I’m having a hard time finding a copy of the actual shooting script used for Invaders from Mars – the original 1953 version – but I has some amazingly bad dialogue in it.
You may have heard that this is a classic, a wonderful kid’s nightmare made by the designed-turned-director William Cameron Menzies. But, I assure you, the dialogue stinks.
I watched this once in an art cinema – the kind where people get dressed up to attend, and the floors aren’t sticky with half-dried soda and jujubes, because they don’t sell refreshments there. Their patrons are there to see film as an ART form. These are people deeply committed to appreciating film. And by the time the film got to the point where the astronomer is speculating about the Martian mew-TANTS (that’s how he pronounced “mutants”) the well-dressed audience was shouting abusive comments at the screen.

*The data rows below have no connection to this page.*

(* rho is (isomorphic to) a subquotient W/W' of tau: W a subrepresentation
   and f : W ->> E2 a surjective equivariant linear map (W' = ker f). *)
Definition subquotient (F : fieldType) (m : nat) (k : fieldType)
    (E1 E2 : lmodType k) (G : 'M[F]_m -> Prop)
    (tau : 'M[F]_m -> E1 -> E1) (rho : 'M[F]_m -> E2 -> E2) : Prop :=
  exists (W : E1 -> Prop) (f : E1 -> E2),
    [/\ W 0, (forall a x y, W x -> W y -> W (a *: x + y)),
        (forall g x, G g -> W x -> W (tau g x)),
        (forall a x y, f (a *: x + y) = a *: f x + f y) /\
        (forall g x, G g -> W x -> f (tau g x) = rho g (f x))
      & (forall y, exists2 x, W x & f x = y)].

Definition nondeg_char (R : realType) (F : fieldType) (v : F -> R)
    (ns : seq nat) (k : fieldType) (theta : 'M[F]_(sumn ns) -> k) : Prop :=
  [/\ (forall g, Ugrp g -> theta g != 0),
      (forall g h, Ugrp g -> Ugrp h -> theta (g *m h) = theta g * theta h),
      (forall g h, Ugrp g -> Ugrp h -> g \in unitmx -> h \in unitmx ->
         theta (g *m h *m invmx g *m invmx h) = 1) /\
      (exists2 eps : R, 0 < eps &
         forall g, Ugrp g -> near1 v eps g -> theta g = 1)
    & (forall s c, (s < size ns)%N -> (1 <= c < nth 0%N ns s)%N ->
         exists x, theta (@root_elt F ns (off ns s + c).-1 x) != 1)].

Inductive gen_span (k : fieldType) (E : lmodType k) (P : E -> Prop) : E -> Prop :=
| gs_zero : gen_span P 0
| gs_base x : P x -> gen_span P x
| gs_lin a x y : gen_span P x -> gen_span P y -> gen_span P (a *: x + y).

(* Iterated quotient: E_t = E / S_t where S_0 = 0 and S_t is the preimage in E
   of span{g a - theta(g) a : g in N_t, a in E_{t-1}}, i.e.
   S_t = span(S_{t-1} u {pi g a - theta g a : g in N_t, a in E}). *)
Definition deriv_step (F : fieldType) (ns : seq nat) (k : fieldType)
    (E : lmodType k) (pi : 'M[F]_(sumn ns) -> E -> E)
    (theta : 'M[F]_(sumn ns) -> k) (S : E -> Prop) (sc : nat * nat) : E -> Prop :=
  gen_span (fun x => S x \/ exists g a, @Ngrp F ns sc.1 sc.2 g /\
                                       x = pi g a - theta g *: a).

Definition deriv_kernel (F : fieldType) (ns : seq nat) (k : fieldType)
    (E : lmodType k) (pi : 'M[F]_(sumn ns) -> E -> E)
    (theta : 'M[F]_(sumn ns) -> k) : E -> Prop :=
  foldl (deriv_step pi theta) (fun x => x = 0) (Nlist ns).

(* the n-th derivative E / deriv_kernel is nonzero *)
Definition derivative_nonzero (F : fieldType) (ns : seq nat) (k : fieldType)
    (E : lmodType k) (pi : 'M[F]_(sumn ns) -> E -> E)
    (theta : 'M[F]_(sumn ns) -> k) : Prop :=
  exists x : E, ~ deriv_kernel pi theta x.

From HB Require Import structures.
From mathcomp Require Import all_boot all_order all_algebra.
From mathcomp Require Import reals.
From mathcomp Require Import zify lra.
Set Implicit Arguments. Unset Strict Implicit. Unset Printing Implicit Defensive.
Import Order.TTheory GRing.Theory Num.Theory.
Local Open Scope ring_scope.

(* Each N_{s,c} consists of the matrices 1 + A with A supported in a single column above
   the diagonal, so A^2 = 0 and (1 + A)^j = 1 + jA.  Since v p < 1, (1 + A)^(p^N) tends to 1:
   by smoothness it fixes any given vector and lies in the kernel of theta for large N, and
   as p is invertible in k the theta-twisted average of tau((1 + A)^j) over j < p^N is
   defined.  This average kills tau(1 + A) b - theta(1 + A) b, commutes with N_{s,c},
   preserves W and the kernels of the earlier steps (N_{s,c} normalises the earlier groups,
   preserving theta), and moves a vector only by an element of the current kernel.
   Averaging the generators away one at a time shows that f maps the vectors of W in the
   derivative kernel of tau into that of rho, so a preimage in W of a vector outside the
   kernel of rho lies outside the kernel of tau. *)

Section LinearClosure.
Variables (k : fieldType) (E : lmodType k).
Implicit Types (S P : E -> Prop).

Definition lin_closed S := S 0 /\ forall a x y, S x -> S y -> S (a *: x + y).

Lemma lin_closedZ S a x : lin_closed S -> S x -> S (a *: x).
Proof. by case=> S0 SP Sx; rewrite -[_ *: x]addr0; apply: SP. Qed.

Lemma lin_closedD S x y : lin_closed S -> S x -> S y -> S (x + y).
Proof. by case=> _ SP Sx Sy; rewrite -[x]scale1r; apply: SP. Qed.

Lemma lin_closed_sum S I (r : seq I) (F : I -> E) :
  lin_closed S -> (forall i, S (F i)) -> S (\sum_(i <- r) F i).
Proof.
move=> hS SF; elim: r => [|i r IH]; first by rewrite big_nil; case: hS.
by rewrite big_cons; apply: lin_closedD.
Qed.

Lemma gen_span_lin_closed P : lin_closed (gen_span P).
Proof. by split=> [|a x y]; [apply: gs_zero | apply: gs_lin]. Qed.

Lemma gen_span_stable P (T : {linear E -> E}) :
  (forall x, P x -> gen_span P (T x)) -> forall x, gen_span P x -> gen_span P (T x).
Proof.
move=> TP x; elim=> [|y /TP //|a y z _ Ty _ Tz]; first by rewrite linear0; apply: gs_zero.
by rewrite linearP; apply: gs_lin.
Qed.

Here’s how one review site addresses this scene:
http://www.randybyers.net/?p=775
I will give the film one thing. After the Good Guys set the timer for the bomb to go off in the Martian bunker, there seems to be an intolerably long time of running through tunnels and of visual flashbacks before the bomb goes off. But I timed it – the sequence took exactly the length of time that the timer was set for. It’s the only case I know of where that’s true – usually they take dramatic liberties with such timing, and cut it short.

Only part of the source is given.